I agree with keeping the current build toolchain as the safest option, as a first step to a complete migration. However, it is not necessary for everybody to build the latest compilers. For example, I use the stock bcc package from Debian and it works fine. I have the Mentor ia16-elf-gcc compiler and it offers more than is needed in this transition step. We can attract more users and developers if we keep easy getting required tools. Compiling the compiler can get complicated: there are requisite development libraries and tools, with certain range of version, and even then you might require to implement workarounds. And it is a bad idea to use features that needs a certain compiler. One bad day the developer slips with a banana peel and the requisite compiler branch will get abandoned, without anybody to fix the pending bugs.
So, I think is better to include in Documents ways to get the requisite tools, from prebuilt packages and up to your scripts for those willing to spend the effort and time.
There are a lot of pending issues to be solved before abandoning BCC.
We need extensive testing of kernels compiled with ia16-gcc, with different configuration options and under different load levels. How will be able to say this step is complete if we don't have a test suite?
The conversion utility needs more work. The data and bss sizes are very different for the kernel compiled with BCC and ia16-gcc.
There is a big mess with headers files that needs to be cleaned up. The earlier developers dumped the BCC compiler include files in the directory include/linuxmt and include/arch. Then, contaminated some compiler include files with definitions that should be somewhere else. For example, stdarg.h, stddef.h, stdlib.h, limits.h, types.h should be accessed by the compiler from the standard locations (/usr/lib/bcc/include in BCC case). Then, we have to eliminate some include files and some of their contents moved to other include files.
Carefully review the code to identify volatile variables.
GCC is now integrated in the ELKS mainstream, and the provided guidelines implemented in configuration and build scripts. I think we could close that issue and focus now on the first migration step as discussed above.
@lithoxs : earlier this year, you announced that you started to compile the ELKS kernel with the latest GCC-IA6 (http://www.spinics.net/lists/linux-8086/msg00817.html).

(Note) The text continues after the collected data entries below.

(* Let $T_1,\dots,T_m$ be conjunctions over variables $x_1,\dots,x_n$, presented online, each of which is the union of some subset of metafeatures $m_1,\dots,m_k$ satisfying the anchor-variable condition. Consider the following online procedure (Algorithm 4): initialize $\mathrm{TS}=\emptyset$ and $\tilde M=\emptyset$; for $r=1,\dots,m$, if $T_r$ is not equal to the union of the metafeatures in $\tilde M$ contained in $T_r$, then (''learning $T_r$ from scratch'') append $T_r$ to $\mathrm{TS}$ and replace $\tilde M$ by the output of Algorithm 3 run on $\mathrm{TS}$. Then the number of targets learned from scratch (appended to $\mathrm{TS}$) is at most $n^2+k$.
   Context: A conjunction/monomial is identified with its set of variables. Metafeatures $m_1,\dots,m_k$ satisfy the anchor-variable condition if each $m_i$ contains a variable $y_i$ belonging to no other $m_j$. For a variable $z$, $N(\mathrm{TS},z)$ is the set of conjunctions in $\mathrm{TS}$ containing $z$. Algorithm 3, on an ordered list $\mathrm{TS}$ of conjunctions: start with no hypothesized metafeatures; for a conjunction $T$ let $h(T)$ be the union of all hypothesized metafeatures produced so far contained in $T$; while some $T\in\mathrm{TS}$ has $T\ne h(T)$, take the least-index such $T$, choose $z\in T\setminus h(T)$ minimal in the sense that no $z'\in T\setminus h(T)$ has $N(\mathrm{TS},z')\subsetneq N(\mathrm{TS},z)$ (ties broken by least variable index), and add the metafeature $\bigcap_{T'\in\mathrm{TS},\,z\in T'}T'$. Output all metafeatures produced. *)

(* Variables x_1..x_n are 'I_n; a conjunction/monomial is
   identified with its set of variables, i.e. an element of {set 'I_n}. *)
From mathcomp Require Import all_boot all_order.
Set Implicit Arguments. Unset Strict Implicit. Unset Printing Implicit Defensive.

Section Algs.
Variable n : nat.
Notation conj := {set 'I_n}.

Definition hM (M : seq conj) (T : conj) : conj :=
  \bigcup_(m <- M | m \subset T) m.

(* N(TS,z') is a proper subset of N(TS,z), where N(TS,z) is the set of
   conjunctions of TS containing z *)
Definition Nsub (TS : seq conj) (z' z : 'I_n) : bool :=
  all (fun T' : conj => (z' \in T') ==> (z \in T')) TS &&
  has (fun T' : conj => (z \in T') && (z' \notin T')) TS.

Definition newmf (TS : seq conj) (z : 'I_n) : conj :=
  foldr (fun T' acc : conj => T' :&: acc) setT [seq T' <- TS | z \in (T' : conj)].

(* one iteration of the while loop of Algorithm 3; None = loop exits *)
Definition alg3_step (TS M : seq conj) : option conj :=
  match ohead [seq T <- TS | (T : conj) != hM M T] with
  | None => None
  | Some T =>
    let cand (z : 'I_n) := (z \in T :\: hM M T) &&
                  [forall z', (z' \in T :\: hM M T) ==> ~~ Nsub TS z' z] in
    match ohead [seq z <- enum 'I_n | cand z] with
    | None => None
    | Some z => Some (newmf TS z)
    end
  end.

Fixpoint alg3_fuel (fuel : nat) (TS M : seq conj) : seq conj :=
  match fuel with
  | 0 => M
  | f.+1 => match alg3_step TS M with
            | None => M
            | Some m => alg3_fuel f TS (rcons M m)
            end
  end.

(* Algorithm 3. Each loop iteration strictly increases sum_{T in TS} |h(T)|,
   which is at most n * size TS, so this fuel suffices for the loop to exit. *)
Definition alg3 (TS : seq conj) : seq conj :=
  alg3_fuel (n * size TS).+1 TS [::].

Definition alg4_step (st : seq conj * seq conj) (T : conj) :=
  let: (TS, M) := st in
  if T != hM M T then (rcons TS T, alg3 (rcons TS T)) else (TS, M).

Definition alg4 (targets : seq conj) : seq conj * seq conj :=
  foldl alg4_step ([::], [::]) targets.

End Algs.

Definition anchor_cond (n k : nat) (mf : 'I_k -> {set 'I_n}) : Prop :=
  forall i : 'I_k, exists y : 'I_n,
    y \in mf i /\ forall j : 'I_k, j != i -> y \notin mf j.

(* A potential argument.  Call a pair (a, b) of variables separated by TS if
   some conjunction of TS contains a but not b, and call newmf TS z a minimal
   metafeature of TS if z is minimal in some T of TS; Algorithm 3 produces every
   minimal metafeature of TS.  Appending a target T that the current hypotheses
   do not cover creates a new minimal metafeature (take z minimal in T among the
   uncovered variables), and each minimal metafeature destroyed by the append
   comes with a newly separated pair (z, b).  Hence the number of separated pairs
   plus the number of minimal metafeatures, at most n^2 + k, strictly increases
   whenever a target is learned from scratch; the bound k uses the anchors: every
   minimal metafeature equals newmf TS y_j for the anchor y_j of some m_j. *)

From mathcomp Require Import all_boot all_order.
From mathcomp Require Import zify.
Set Implicit Arguments. Unset Strict Implicit. Unset Printing Implicit Defensive.

Section Metafeatures.
Variable n : nat.
Notation conj := {set 'I_n}.
Implicit Types (TS M : seq conj) (T D X m : conj) (a b z w : 'I_n).

Definition Nsubeq TS a b : bool := all (fun T : conj => (a \in T) ==> (b \in T)) TS.

Lemma NsubE TS a b : Nsub TS a b = Nsubeq TS a b && ~~ Nsubeq TS b a.
Proof.
rewrite /Nsub /Nsubeq -has_predC; congr (_ && _).
by apply: eq_has => T /=; case: (a \in T); case: (b \in T).
Qed.

Lemma Nsubeq_refl TS a : Nsubeq TS a a.
Proof. by apply/allP => T _; apply/implyP. Qed.

Lemma Nsubeq_trans TS b a c : Nsubeq TS a b -> Nsubeq TS b c -> Nsubeq TS a c.
Proof.
move=> /allP ab /allP bc; apply/allP => T TST; apply/implyP => aT.
by move/implyP: (bc T TST); apply; move/implyP: (ab T TST); apply.
Qed.

Lemma Nsubeq_rcons TS T a b :
  Nsubeq (rcons TS T) a b = ((a \in T) ==> (b \in T)) && Nsubeq TS a b.
Proof. by rewrite /Nsubeq all_rcons. Qed.

Lemma in_newmf TS z b : (b \in newmf TS z) = Nsubeq TS z b.
Proof.
elim: TS => [|T TS IH]; first by rewrite inE.
by rewrite /newmf /=; case: (z \in T); rewrite /= -/(newmf TS z) ?inE IH.
Qed.

Lemma newmf_subset TS T z : T \in TS -> z \in T -> newmf TS z \subset T.
Proof.
move=> TST zT; apply/subsetP => b; rewrite in_newmf => /allP/(_ T TST).
by rewrite zT.
Qed.

Lemma mem_newmf TS z : z \in newmf TS z.
Proof. by rewrite in_newmf Nsubeq_refl. Qed.

Lemma eq_newmf TS z w : Nsubeq TS z w -> Nsubeq TS w z -> newmf TS z = newmf TS w.
Proof.
move=> zw wz; apply/setP => b; rewrite !in_newmf.
by apply/idP/idP; [exact: Nsubeq_trans | exact: Nsubeq_trans].
Qed.

Lemma in_hM M T a : (a \in hM M T) = has (fun m : conj => (m \subset T) && (a \in m)) M.
Proof.
elim: M => [|m M IH]; first by rewrite /hM big_nil inE.
by rewrite /hM big_cons -/(hM M T) /=; case: (m \subset T); rewrite //= inE IH.
Qed.

Lemma hM_subset M T : hM M T \subset T.
Proof. by apply/subsetP => a; rewrite in_hM => /hasP [m _ /andP [/subsetP mT /mT]]. Qed.

Lemma count_le_in (A : Type) (p q : pred A) s :
  all (fun x => p x ==> q x) s -> count p s <= count q s.
Proof.
elim: s => //= x s IH /andP [pq_x /IH pq_s].
by apply: leq_add; case: (p x) pq_x => // /= ->.
Qed.

Lemma count_lt_in (A : Type) (p q : pred A) s :
  all (fun x => p x ==> q x) s -> has (fun x => q x && ~~ p x) s ->
  count p s < count q s.
Proof.
elim: s => //= x s IH /andP [pq_x pq_s] /orP [/andP [qx /negbTE px] | has_s].
  by rewrite px qx add1n ltnS count_le_in.
by rewrite -addnS leq_add ?IH //; case: (p x) pq_x => // /= ->.
Qed.

Lemma Nsub_count TS a b :
  Nsub TS a b -> count (fun T : conj => a \in T) TS < count (fun T : conj => b \in T) TS.
Proof. by case/andP; apply: count_lt_in. Qed.

Definition minimal TS D z : bool :=
  (z \in D) && [forall z', (z' \in D) ==> ~~ Nsub TS z' z].

Lemma exists_minimal TS D x : x \in D -> exists2 z, minimal TS D z & Nsubeq TS z x.
Proof.
move=> xD; pose cnt z := count (fun T : conj => z \in T) TS.
have x_ok : (x \in D) && Nsubeq TS x x by rewrite xD Nsubeq_refl.
case: (@arg_minnP _ x (fun z => (z \in D) && Nsubeq TS z x) cnt x_ok) => z /andP [zD zx] zmin.
exists z => //; rewrite /minimal zD; apply/forallP => z'; apply/implyP => z'D.
apply/negP => z'z; have := Nsub_count z'z; rewrite -/(cnt z') -/(cnt z).
rewrite ltnNge zmin // z'D /=; apply: Nsubeq_trans zx.
by move: z'z; rewrite NsubE => /andP [].
Qed.

Lemma minimal_newmf TS D z w :
  minimal TS D z -> w \in D -> Nsubeq TS w z -> newmf TS w = newmf TS z.
Proof.
case/andP => _ /forallP/(_ w) zmin wD wz; apply: eq_newmf => //.
by move: zmin; rewrite wD NsubE wz /= negbK.
Qed.

Lemma setD_hM_neq0 M T : T != hM M T -> T :\: hM M T != set0.
Proof.
by rewrite setD_eq0; apply: contra => T_sub; rewrite eqEsubset T_sub hM_subset.
Qed.

Lemma alg3_step_None TS M : alg3_step TS M = None -> {in TS, forall T, T = hM M T}.
Proof.
rewrite /alg3_step; case E: [seq T <- TS | _] => [|T0 s] /=.
  move=> _ T TST; apply/eqP; apply: contraT => T_new.
  have : T \in [seq T <- TS | T != hM M T] by rewrite mem_filter T_new.
  by rewrite E.
have : T0 \in [seq T <- TS | T != hM M T] by rewrite E mem_head.
rewrite mem_filter => /andP [T0_new _].
have /set0Pn [x xD] := setD_hM_neq0 T0_new.
have [z zmin _] := exists_minimal TS xD.
case E2: [seq z <- enum 'I_n | _] => [|z0 s'] //.
have : z \in [seq z <- enum 'I_n | minimal TS (T0 :\: hM M T0) z].
  by rewrite mem_filter zmin mem_enum.
by rewrite E2.
Qed.

Lemma alg3_step_Some TS M m : alg3_step TS M = Some m ->
  exists T z, [/\ T \in TS, z \in T :\: hM M T & m = newmf TS z].
Proof.
rewrite /alg3_step; case E: [seq T <- TS | _] => [|T s] //=.
case E2: [seq z <- enum 'I_n | _] => [|z s'] //= [<-].
have : T \in [seq T <- TS | T != hM M T] by rewrite E mem_head.
have : z \in [seq z <- enum 'I_n | minimal TS (T :\: hM M T) z] by rewrite E2 mem_head.
by rewrite !mem_filter => /andP [/andP [zD _] _] /andP [_ TST]; exists T, z.
Qed.

Definition covered TS M : {set 'I_(size TS) * 'I_n} :=
  [set iz : 'I_(size TS) * 'I_n | iz.2 \in hM M (nth set0 TS iz.1)].

Lemma card_covered TS M : #|covered TS M| <= n * size TS.
Proof. by rewrite (leq_trans (max_card _)) // card_prod !card_ord mulnC. Qed.

Lemma covered_step TS M m :
  alg3_step TS M = Some m -> covered TS M \proper covered TS (rcons M m).
Proof.
case/alg3_step_Some => T [z [TST /setDP [zT zM] m_def]].
have covered_sub : covered TS M \subset covered TS (rcons M m).
  by apply/subsetP => iz; rewrite !inE !in_hM has_rcons => ->; rewrite orbT.
rewrite properE covered_sub; apply/subsetPn.
have T_idx : index T TS < size TS by rewrite index_mem.
by exists (Ordinal T_idx, z); rewrite !inE /= nth_index // in_hM has_rcons m_def
  newmf_subset ?mem_newmf.
Qed.

Lemma alg3_fuel_spec TS fuel M :
  n * size TS < fuel + #|covered TS M| -> {subset M <= codom (newmf TS)} ->
  {in TS, forall T, T = hM (alg3_fuel fuel TS M) T} /\
  {subset alg3_fuel fuel TS M <= codom (newmf TS)}.
Proof.
elim: fuel M => [|fuel IH] M /=; first by rewrite add0n ltnNge card_covered.
case E: (alg3_step TS M) => [m|] fuel_ok M_mfs; last by split => //; apply: alg3_step_None.
apply: IH.
  by rewrite (leq_trans fuel_ok) // addSn -addnS leq_add2l proper_card ?covered_step.
move=> m'; rewrite mem_rcons inE => /predU1P [-> | /M_mfs //].
by case/alg3_step_Some: E => T [z [_ _ ->]]; apply: codom_f.
Qed.

Lemma alg3_spec TS :
  {in TS, forall T, T = hM (alg3 TS) T} /\ {subset alg3 TS <= codom (newmf TS)}.
Proof. by apply: alg3_fuel_spec => //; rewrite addSn ltnS leq_addr. Qed.

Definition minimal_mfs TS : {set conj} :=
  newmf TS @: [set z | has (fun T => minimal TS T z) TS].

Definition separated TS : {set 'I_n * 'I_n} := [set ab | ~~ Nsubeq TS ab.1 ab.2].

Definition potential TS : nat := #|separated TS| + #|minimal_mfs TS|.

As I can see in your PR flow, you still maintain the build with GCC-IA16, and it looks like, after tons of (more or less serious) posts to discuss that topic, that this compiler is today the best alternative to BCC.
Not only because of the work you already performed, but also because this GCC fork is still alive & able to be mainstreamed: https://github.com/tkchia/gcc-ia16
Even Alan is keeping an eye on this option: https://github.com/crtc-demos/gcc-ia16/issues/4
It would be nice if you could provide some guidelines to use that compiler in the /Documentation folder, so that we could be more to use it to improve the ELKS code.